Top of DATA EXCERPTS
Lemma fully_invariantI N1 N2 : fully_invariant N1 -> fully_invariant N2 ->
  fully_invariant (fun x => N1 x /\ N2 x).
Proof.
move=> [[N10 [N1D N1Z]] N1f] [[N20 [N2D N2Z]] N2f].
split; last by move=> f hf x [??]; split; [exact: N1f | exact: N2f].
split=> //; split; first by move=> x y [??] [??]; split; [exact: N1D | exact: N2D].
by move=> a x [??]; split; [exact: N1Z | exact: N2Z].
Qed.

Lemma apply_ideal_in T N f n : T f -> N n -> apply_ideal T N (f n).
Proof. by move=> Tf Nn; apply: gen_in; exists f, n. Qed.

Lemma apply_ideal_min T N Q : submodule Q ->
  (forall f n, T f -> N n -> Q (f n)) -> Defs.subset (apply_ideal T N) Q.
Proof. by move=> hQ TNQ x; apply => // _ [f [n [Tf [Nn ->]]]]; apply: TNQ. Qed.

Section Ideal.
Variables (T : (M -> M) -> Prop) (hT : ideal T).

Lemma ideal_endo f : T f -> is_endo f.
Proof. exact: hT.1. Qed.

Lemma ideal0 : T (fun _ => 0).
Proof. exact: hT.2.1. Qed.

Lemma idealB f g : T f -> T g -> T (fun x => f x - g x).
Proof. by move=> Tf Tg; apply: hT.2.2.1 => //; apply: hT.2.2.2.1. Qed.

Lemma idealD f g : T f -> T g -> T (fun x => f x + g x).
Proof. exact: hT.2.2.1. Qed.

Lemma ideal_compl g f : is_endo g -> T f -> T (g \o f).
Proof. by move=> hg Tf; have [] := hT.2.2.2.2 f g hg Tf. Qed.

Lemma ideal_compr f g : is_endo g -> T f -> T (f \o g).
Proof. by move=> hg Tf; have [] := hT.2.2.2.2 f g hg Tf. Qed.

Lemma apply_ideal_fully_invariant : fully_invariant (apply_ideal T (fun _ => True)).
Proof.
split; first exact: gen_submodule.
move=> g hg x TMx.
have [TM0 [TMD TMZ]] := gen_submodule (fun y => exists f n, T f /\ True /\ y = f n).
apply: (TMx (fun y => apply_ideal T (fun _ => True) (g y))).
  split; first by rewrite endo0 //; exact: TM0.
  split; first by move=> u v ??; rewrite hg.1; apply: TMD.
  by move=> a u ?; rewrite hg.2; apply: TMZ.
move=> _ [f [n [Tf [_ ->]]]].
exact: (apply_ideal_in (N := fun _ => True) (ideal_compl hg Tf) I).
Qed.

(* x1 + x2 - x1 x2 with x1 a right unit of a and x2 one of b - b x1. *)
Lemma right_s_unital_common_unit a b : right_s_unital T -> T a -> T b ->
  exists x, T x /\ a \o x = a /\ b \o x = b.
Proof.
move=> hu Ta Tb; have [ha hb] := (ideal_endo Ta, ideal_endo Tb).
have [x1 [Tx1 ax1]] := hu a Ta.
have [x2 [Tx2 bx2]] := hu _ (idealB Tb (ideal_compr (ideal_endo Tx1) Tb)).
exists (fun y => x1 y + x2 y - x1 (x2 y)); split.
  exact: idealB (idealD Tx1 Tx2) (ideal_compr (ideal_endo Tx2) Tx1).
have ax1y y : a (x1 y) = a y := congr1 (fun h => h y) ax1.
have bx2y y : b (x2 y) - b (x1 (x2 y)) = b y - b (x1 y) := congr1 (fun h => h y) bx2.
split; apply: functional_extensionality => y /=.
  by rewrite endoB // ha.1 !ax1y addrK.
by rewrite endoB // hb.1 -addrA bx2y addrC subrK.
Qed.

End Ideal.

Lemma lS_ideal N : fully_invariant N -> ideal (lS N).
Proof.
move=> [_ Nf]; split; first by move=> f [].
split; first by split; [split=> *; rewrite ?addr0 ?scaler0 | ].
split.
  move=> f g [hf fN] [hg gN]; split; last by move=> x Nx; rewrite fN // gN // addr0.
  by split=> [x y|a x]; [rewrite hf.1 hg.1 addrACA | rewrite hf.2 hg.2 scalerDr].
split.
  move=> f [hf fN]; split; last by move=> x Nx; rewrite fN // oppr0.
  by split=> [x y|a x]; [rewrite hf.1 opprD | rewrite hf.2 scalerN].
move=> f g hg [hf fN]; split; split; try exact: endo_comp.
  by move=> x Nx /=; rewrite fN // endo0.
by move=> x Nx /=; rewrite fN //; apply: Nf.
Qed.

Lemma prime_in_semiprime_in Q : prime_in Q -> semiprime_in Q.
Proof.
move=> hQ; split; first exact: hQ.1.
by exists (eq Q); split=> [_ <- //|x]; split=> [Qx _ <- // | ]; apply.
Qed.

Lemma prime_in_absorb Q T L : prime_in Q -> ideal T -> fully_invariant L ->
  Defs.subset (apply_ideal T L) Q -> Defs.subset L (apply_ideal T (fun _ => True)) ->
  Defs.subset L Q.
Proof.
move=> [_ hQ] hT hL TLQ LTM.
by case: (hQ T L hT hL TLQ) => [TMQ x Lx | //]; apply: TMQ; apply: LTM.
Qed.

Lemma semiprime_module_annihilated T L :
  semiprime_module M -> ideal T -> fully_invariant L ->
  (forall f n, T f -> L n -> f n = 0) ->
  Defs.subset L (apply_ideal T (fun _ => True)) -> forall x, L x -> x = 0.
Proof.
move=> [_ [P [Pprime Pdef]]] hT hL TL0 LTM x Lx; apply/Pdef => Q PQ.
apply: (prime_in_absorb (Pprime Q PQ) hT hL) => //.
apply: apply_ideal_min => [|f n Tf Ln]; first exact: (Pprime Q PQ).1.1.
by rewrite TL0 //; exact: (Pprime Q PQ).1.1.1.
Qed.

Section QuasiBaerIdempotent.
Variables (N : M -> Prop) (e : M -> M).
Hypotheses (hsp : semiprime_module M) (hN : fully_invariant N)
  (he : idempotent_endo e) (lSE : forall f, lS N f <-> principal_left e f).

Let hlS := lS_ideal hN.

Lemma idemK x : e (e x) = e x.
Proof. by case: he => _ ee; rewrite -{3}ee. Qed.

Lemma lS_idem : lS N e.
Proof. by apply/lSE/principal_left_refl; exact: he.1. Qed.

Lemma lS_ker_idem f n : lS N f -> e n = 0 -> f n = 0.
Proof. by move=> /lSE [g [hg ->]] /= ->; rewrite endo0. Qed.

Lemma idem_right_semicentral s x : is_endo s -> e (s (e x)) = e (s x).
Proof.
move=> hs; have /lSE [g [_ es]] := ideal_compr hlS hs lS_idem.
have esx y : e (s y) = g (e y) by rewrite -[LHS]/((e \o s) y) es.
by rewrite !esx idemK.
Qed.

Lemma ker_idem_fully_invariant : fully_invariant (fun y => e y = 0).
Proof.
split; last first.
  move=> f hf y ey; apply: (@lS_ker_idem (e \o f)) => //.
  exact: (ideal_compr hlS hf lS_idem).
have [eD eZ] := he.1; split; first exact: endo0 he.1.
by split=> [x y ex ey|a x ex]; rewrite ?eD ?eZ ?ex ?ey ?addr0 ?scaler0.
Qed.

Lemma idem_left_semicentral s x : is_endo s -> s (e x) = e (s (e x)).
Proof.
move=> hs; apply/eqP; rewrite -subr_eq0; apply/eqP.
pose L y := e y = 0 /\ apply_ideal (lS N) (fun _ => True) y.
have hL : fully_invariant L.
  exact: (fully_invariantI ker_idem_fully_invariant (apply_ideal_fully_invariant hlS)).
apply: (semiprime_module_annihilated hsp hlS hL).
- by move=> f n lSf [en _]; exact: lS_ker_idem.
- by move=> y [].
split; first by rewrite endoB ?idemK ?subrr //; exact: he.1.
have lSse : lS N (s \o e) := ideal_compl hlS hs lS_idem.
have lSd : lS N (fun z => s (e z) - e (s (e z))).
  exact: (idealB hlS lSse (ideal_compl hlS he.1 lSse)).
exact: (apply_ideal_in (N := fun _ => True) lSd I).
Qed.

Lemma idem_central : central e.
Proof.
move=> s hs; apply: functional_extensionality => x /=.
by rewrite idem_left_semicentral // idem_right_semicentral.
Qed.

End QuasiBaerIdempotent.

Lemma quasi_Baer_centrally_endo_AIP :
  semiprime_module M -> quasi_Baer M -> centrally_endo_AIP M.
Proof.
move=> hsp hqb N hN a lSa; have [e [he lSE]] := hqb N hN.
exists e; split; first exact: (lS_idem he lSE).
split; first exact: (idem_central hsp hN he lSE).
have [g [_ ->]] := (lSE a).1 lSa.
by apply: functional_extensionality => x /=; rewrite (idemK he).
Qed.

Lemma centrally_endo_AIP_endo_AIP : centrally_endo_AIP M -> endo_AIP M.
Proof. by move=> hc N hN a lSa; have [z [lSz [_ az]]] := hc N hN a lSa; exists z. Qed.

Lemma acc_principal_left_maximal I a0 : acc_principal_left M ->
  (forall f, I f -> is_endo f) -> I a0 ->
  exists a, I a /\ forall x, I x -> principal_left x a -> principal_left a x.
Proof.
move=> hacc Iendo Ia0; apply: NNPP => nomax.
pose P a x := I x /\ principal_left x a /\ ~ principal_left a x.
have step a : I a -> exists x, P a x.
  move=> Ia; apply: NNPP => nox; apply: nomax; exists a; split=> // x Ix xa.
  by apply: NNPP => ax; apply: nox; exists x.
pose chain n := iter n (fun a => epsilon (inhabits id) (P a)) a0.
have Pchain n : I (chain n) /\ P (chain n) (chain n.+1).
  elim: n => [|n [_ IH]]; last by split; [exact: IH.1 | exact: epsilon_spec (step _ IH.1)].
  by split=> //; exact: epsilon_spec (step _ Ia0).
have [k stable] := hacc chain (fun n => Iendo _ (Pchain n).1)
  (fun n f => principal_left_trans (Pchain n).2.2.1).
have [_ [_ strict]] := (Pchain k).2; apply/strict/(stable k.+1) => //.
exact/principal_left_refl/Iendo/(Pchain k.+1).1.
Qed.

Lemma right_s_unital_maximal_idempotent T a : ideal T -> right_s_unital T -> T a ->
  (forall x, T x -> principal_left x a -> principal_left a x) ->
  exists e, idempotent_endo e /\ forall f, T f <-> principal_left e f.
Proof.
move=> hT hu Ta amax; have ha := ideal_endo hT Ta.
have [e [Te ae]] := hu a Ta; have he := ideal_endo hT Te.
have Sa_sub x : T x -> a \o x = a -> principal_left a x.
  by move=> Tx ax; apply: amax => //; exists a; split.
have aey y : a (e y) = a y := congr1 (fun h => h y) ae.
have xe x : T x -> a \o x = a -> x \o e = x.
  move=> Tx ax; have [t [ht ->]] := Sa_sub x Tx ax.
  by apply: functional_extensionality => y /=; rewrite aey.
exists e; split; first by split=> //; exact: xe.
move=> f; split; last by move=> [g [hg ->]]; exact: ideal_compl.
move=> Tf; have [x [Tx [ax fx]]] := right_s_unital_common_unit hT hu Ta Tf.
exists f; split; first exact: (ideal_endo hT Tf).
by rewrite -{1}fx -(xe x Tx ax) -[f \o (x \o e)]/((f \o x) \o e) fx.
Qed.

Lemma endo_AIP_quasi_Baer : acc_principal_left M -> endo_AIP M -> quasi_Baer M.
Proof.
move=> hacc haip N hN; have hlS := lS_ideal hN.
have [a [lSa amax]] := acc_principal_left_maximal hacc (ideal_endo hlS) (ideal0 hlS).
exact: (right_s_unital_maximal_idempotent hlS (haip N hN) lSa amax).
Qed.

End Module.

Theorem proposition3p10 (R : nzRingType) (M : lmodType R^c) :
  (semiprime_module M \/ prime_module M) ->
  acc_principal_left M ->
  (quasi_Baer M <-> endo_AIP M) /\ (endo_AIP M <-> centrally_endo_AIP M).
Proof.
move=> hsp hacc.
have {hsp} hsp : semiprime_module M by case: hsp => [//|]; exact: prime_in_semiprime_in.
have qb_aip := endo_AIP_quasi_Baer hacc.
have qb_caip := quasi_Baer_centrally_endo_AIP hsp.
have caip_aip := @centrally_endo_AIP_endo_AIP R M.
by split; split; auto.
Qed.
Bottom of DATA EXCERPTS
• _INSTRUCTIONS FOR THE TASK_
Throughout the records above, find the lines in which the word "subset" appears and return them.

• _EXERCISE RESPONSE_
  (forall f n, T f -> N n -> Q (f n)) -> Defs.subset (apply_ideal T N) Q.
  Defs.subset (apply_ideal T L) Q -> Defs.subset L (apply_ideal T (fun _ => True)) ->
  Defs.subset L Q.
  Defs.subset L (apply_ideal T (fun _ => True)) -> forall x, L x -> x = 0.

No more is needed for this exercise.